# To do:
Restate every line of the material that follows, word for word.

# Dataset entries:
(* Let $d\ge2$ be an integer, $p\in(0,1]$, $\lambda\in(0,1)$, $b=1-(1-p)\lambda$, $\bar F$ the solution of $\bar F'(w)=\lambda(p\bar F(w)^d+(1-p)\bar F(w))-\bar F(w)$, $\bar F(0)=\lambda$, and $Q_\lambda=\int_0^\infty\bar F(w)\,dw$. Define $$\tilde Q_\lambda=\frac{\lambda}{b}\left(1+\frac1{d-1}\log\left(\frac{b}{b-p\lambda^d}\right)\right).$$ Then $$\tilde Q_\lambda-\frac{\lambda^{d+1}}{p(d-1)^2b^2}\cdot\frac{\pi^2}{6}\le Q_\lambda\le\tilde Q_\lambda.$$ *)

From Stdlib Require Import Reals.
From Coquelicot Require Import Coquelicot.
Open Scope R_scope.

Definition Qtilde (d : nat) (p lam : R) : R :=
  let b := 1 - (1 - p) * lam in
  lam / b * (1 + / (INR d - 1) * ln (b / (b - p * lam ^ d))).

From Stdlib Require Import Reals Lra Lia.
From Coquelicot Require Import Coquelicot.
Open Scope R_scope.

(* Write n = d - 1, b = 1 - (1 - p) lam, c = p lam / b and r = c lam^n < 1.
   The equation reads F' = F (b c F^n - b), so F is positive and explicitly
   F^-n = c + (lam^-n - c) exp (n b w); hence 0 < F <= lam and F -> 0.
   The substitution u = F(w) turns Q into K(lam), where
       K(u) = int_0^u du / (b (1 - c u^n)).
   Both bounds are then comparisons of derivatives on [0, lam]:
   - Q~ = G(lam) with G(u) = u/b (1 - ln(1 - c u^n)/n), and
     G' - K' = -ln(1 - c u^n)/(b n) >= 0, so Q <= Q~;
   - bounding -ln(1-x) by its Taylor polynomial plus remainder and
     integrating term by term gives
       G(lam) - K(lam) <= lam/(b n) sum_k r^k/(k (k n + 1)) + o(1)
                       <= lam r/(b n^2) sum_k 1/k^2,
     and sum_k 1/k^2 <= pi^2/6 is proved by Cauchy's cosecant argument. *)

Lemma le_of_derive_nonneg (f df : R -> R) (a b : R) :
  a <= b -> (forall x, a <= x <= b -> is_derive f x (df x)) ->
  (forall x, a <= x <= b -> 0 <= df x) -> f a <= f b.
Proof.
  intros Hab Hd Hpos.
  destruct (Rle_lt_or_eq_dec a b Hab) as [Hlt|<-]; [|lra].
  destruct (MVT_cor2 f df a b Hlt) as [c [Hfab Hc]].
  { intros c Hc. apply is_derive_Reals, Hd; lra. }
  assert (0 <= df c) by (apply Hpos; lra). nra.
Qed.

Lemma eq_of_derive_zero (f : R -> R) (a b : R) :
  a <= b -> (forall x, a <= x <= b -> is_derive f x 0) -> f a = f b.
Proof.
  intros Hab Hd.
  destruct (Rle_lt_or_eq_dec a b Hab) as [Hlt|<-]; [|reflexivity].
  destruct (MVT_cor2 f (fun _ => 0) a b Hlt) as [c [Hfab _]].
  { intros c Hc. apply is_derive_Reals, Hd; lra. }
  lra.
Qed.

Lemma sum_f_R0_rev (a : nat -> R) (N : nat) :
  sum_f_R0 a N = sum_f_R0 (fun i => a (N - i)%nat) N.
Proof.
  induction N as [|N IH]; [reflexivity|].
  rewrite tech5, IH, (decomp_sum _ (S N)) by lia.
  rewrite Nat.sub_0_r, Rplus_comm. reflexivity.
Qed.

Lemma sum_f_R0_pairs (a : nat -> R) (M : nat) :
  sum_f_R0 a (2 * M + 1) = sum_f_R0 (fun k => a (2 * k)%nat + a (2 * k + 1)%nat) M.
Proof.
  induction M as [|M IH]; [reflexivity|].
  replace (2 * S M + 1)%nat with (S (S (2 * M + 1))) by lia.
  rewrite !tech5, IH.
  replace (S (2 * M + 1)) with (2 * S M)%nat by lia.
  replace (S (2 * S M)) with (2 * S M + 1)%nat by lia. ring.
Qed.

Lemma sum_f_R0_mono (a : nat -> R) (N N' : nat) :
  (forall k, 0 <= a k) -> (N <= N')%nat -> sum_f_R0 a N <= sum_f_R0 a N'.
Proof.
  intros Ha HN. induction HN as [|N' _ IH]; [lra|].
  rewrite tech5. specialize (Ha (S N')). lra.
Qed.

Lemma is_derive_sum_f_R0 (f : nat -> R -> R) (df : nat -> R) (N : nat) (x : R) :
  (forall k, (k <= N)%nat -> is_derive (f k) x (df k)) ->
  is_derive (fun y => sum_f_R0 (fun k => f k y) N) x (sum_f_R0 df N).
Proof.
  intros H. rewrite <- sum_n_Reals.
  apply (is_derive_ext (fun y => sum_n (fun k => f k y) N)).
  { intros t. apply sum_n_Reals. }
  apply (@is_derive_sum_n R_AbsRing R_NormedModule); auto.
Qed.

Lemma is_derive_pow_succ_div (m : nat) (x : R) :
  is_derive (fun y => y ^ S m / INR (S m)) x (x ^ m).
Proof.
  assert (INR (S m) <> 0) by (apply not_0_INR; lia).
  auto_derive; [exact I|]. simpl pred. field. auto.
Qed.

# Final answer:
(* Let $d\ge2$ be an integer, $p\in(0,1]$, $\lambda\in(0,1)$, $b=1-(1-p)\lambda$, $\bar F$ the solution of $\bar F'(w)=\lambda(p\bar F(w)^d+(1-p)\bar F(w))-\bar F(w)$, $\bar F(0)=\lambda$, and $Q_\lambda=\int_0^\infty\bar F(w)\,dw$. Define $$\tilde Q_\lambda=\frac{\lambda}{b}\left(1+\frac1{d-1}\log\left(\frac{b}{b-p\lambda^d}\right)\right).$$ Then $$\tilde Q_\lambda-\frac{\lambda^{d+1}}{p(d-1)^2b^2}\cdot\frac{\pi^2}{6}\le Q_\lambda\le\tilde Q_\lambda.$$ *)

From Stdlib Require Import Reals.
From Coquelicot Require Import Coquelicot.
Open Scope R_scope.

Definition Qtilde (d : nat) (p lam : R) : R :=
  let b := 1 - (1 - p) * lam in
  lam / b * (1 + / (INR d - 1) * ln (b / (b - p * lam ^ d))).

From Stdlib Require Import Reals Lra Lia.
From Coquelicot Require Import Coquelicot.
Open Scope R_scope.

(* Write n = d - 1, b = 1 - (1 - p) lam, c = p lam / b and r = c lam^n < 1.
   The equation reads F' = F (b c F^n - b), so F is positive and explicitly
   F^-n = c + (lam^-n - c) exp (n b w); hence 0 < F <= lam and F -> 0.
   The substitution u = F(w) turns Q into K(lam), where
       K(u) = int_0^u du / (b (1 - c u^n)).
   Both bounds are then comparisons of derivatives on [0, lam]:
   - Q~ = G(lam) with G(u) = u/b (1 - ln(1 - c u^n)/n), and
     G' - K' = -ln(1 - c u^n)/(b n) >= 0, so Q <= Q~;
   - bounding -ln(1-x) by its Taylor polynomial plus remainder and
     integrating term by term gives
       G(lam) - K(lam) <= lam/(b n) sum_k r^k/(k (k n + 1)) + o(1)
                       <= lam r/(b n^2) sum_k 1/k^2,
     and sum_k 1/k^2 <= pi^2/6 is proved by Cauchy's cosecant argument. *)

Lemma le_of_derive_nonneg (f df : R -> R) (a b : R) :
  a <= b -> (forall x, a <= x <= b -> is_derive f x (df x)) ->
  (forall x, a <= x <= b -> 0 <= df x) -> f a <= f b.
Proof.
  intros Hab Hd Hpos.
  destruct (Rle_lt_or_eq_dec a b Hab) as [Hlt|<-]; [|lra].
  destruct (MVT_cor2 f df a b Hlt) as [c [Hfab Hc]].
  { intros c Hc. apply is_derive_Reals, Hd; lra. }
  assert (0 <= df c) by (apply Hpos; lra). nra.
Qed.

Lemma eq_of_derive_zero (f : R -> R) (a b : R) :
  a <= b -> (forall x, a <= x <= b -> is_derive f x 0) -> f a = f b.
Proof.
  intros Hab Hd.
  destruct (Rle_lt_or_eq_dec a b Hab) as [Hlt|<-]; [|reflexivity].
  destruct (MVT_cor2 f (fun _ => 0) a b Hlt) as [c [Hfab _]].
  { intros c Hc. apply is_derive_Reals, Hd; lra. }
  lra.
Qed.

Lemma sum_f_R0_rev (a : nat -> R) (N : nat) :
  sum_f_R0 a N = sum_f_R0 (fun i => a (N - i)%nat) N.
Proof.
  induction N as [|N IH]; [reflexivity|].
  rewrite tech5, IH, (decomp_sum _ (S N)) by lia.
  rewrite Nat.sub_0_r, Rplus_comm. reflexivity.
Qed.

Lemma sum_f_R0_pairs (a : nat -> R) (M : nat) :
  sum_f_R0 a (2 * M + 1) = sum_f_R0 (fun k => a (2 * k)%nat + a (2 * k + 1)%nat) M.
Proof.
  induction M as [|M IH]; [reflexivity|].
  replace (2 * S M + 1)%nat with (S (S (2 * M + 1))) by lia.
  rewrite !tech5, IH.
  replace (S (2 * M + 1)) with (2 * S M)%nat by lia.
  replace (S (2 * S M)) with (2 * S M + 1)%nat by lia. ring.
Qed.

Lemma sum_f_R0_mono (a : nat -> R) (N N' : nat) :
  (forall k, 0 <= a k) -> (N <= N')%nat -> sum_f_R0 a N <= sum_f_R0 a N'.
Proof.
  intros Ha HN. induction HN as [|N' _ IH]; [lra|].
  rewrite tech5. specialize (Ha (S N')). lra.
Qed.

Lemma is_derive_sum_f_R0 (f : nat -> R -> R) (df : nat -> R) (N : nat) (x : R) :
  (forall k, (k <= N)%nat -> is_derive (f k) x (df k)) ->
  is_derive (fun y => sum_f_R0 (fun k => f k y) N) x (sum_f_R0 df N).
Proof.
  intros H. rewrite <- sum_n_Reals.
  apply (is_derive_ext (fun y => sum_n (fun k => f k y) N)).
  { intros t. apply sum_n_Reals. }
  apply (@is_derive_sum_n R_AbsRing R_NormedModule); auto.
Qed.

Lemma is_derive_pow_succ_div (m : nat) (x : R) :
  is_derive (fun y => y ^ S m / INR (S m)) x (x ^ m).
Proof.
  assert (INR (S m) <> 0) by (apply not_0_INR; lia).
  auto_derive; [exact I|]. simpl pred. field. auto.
Qed.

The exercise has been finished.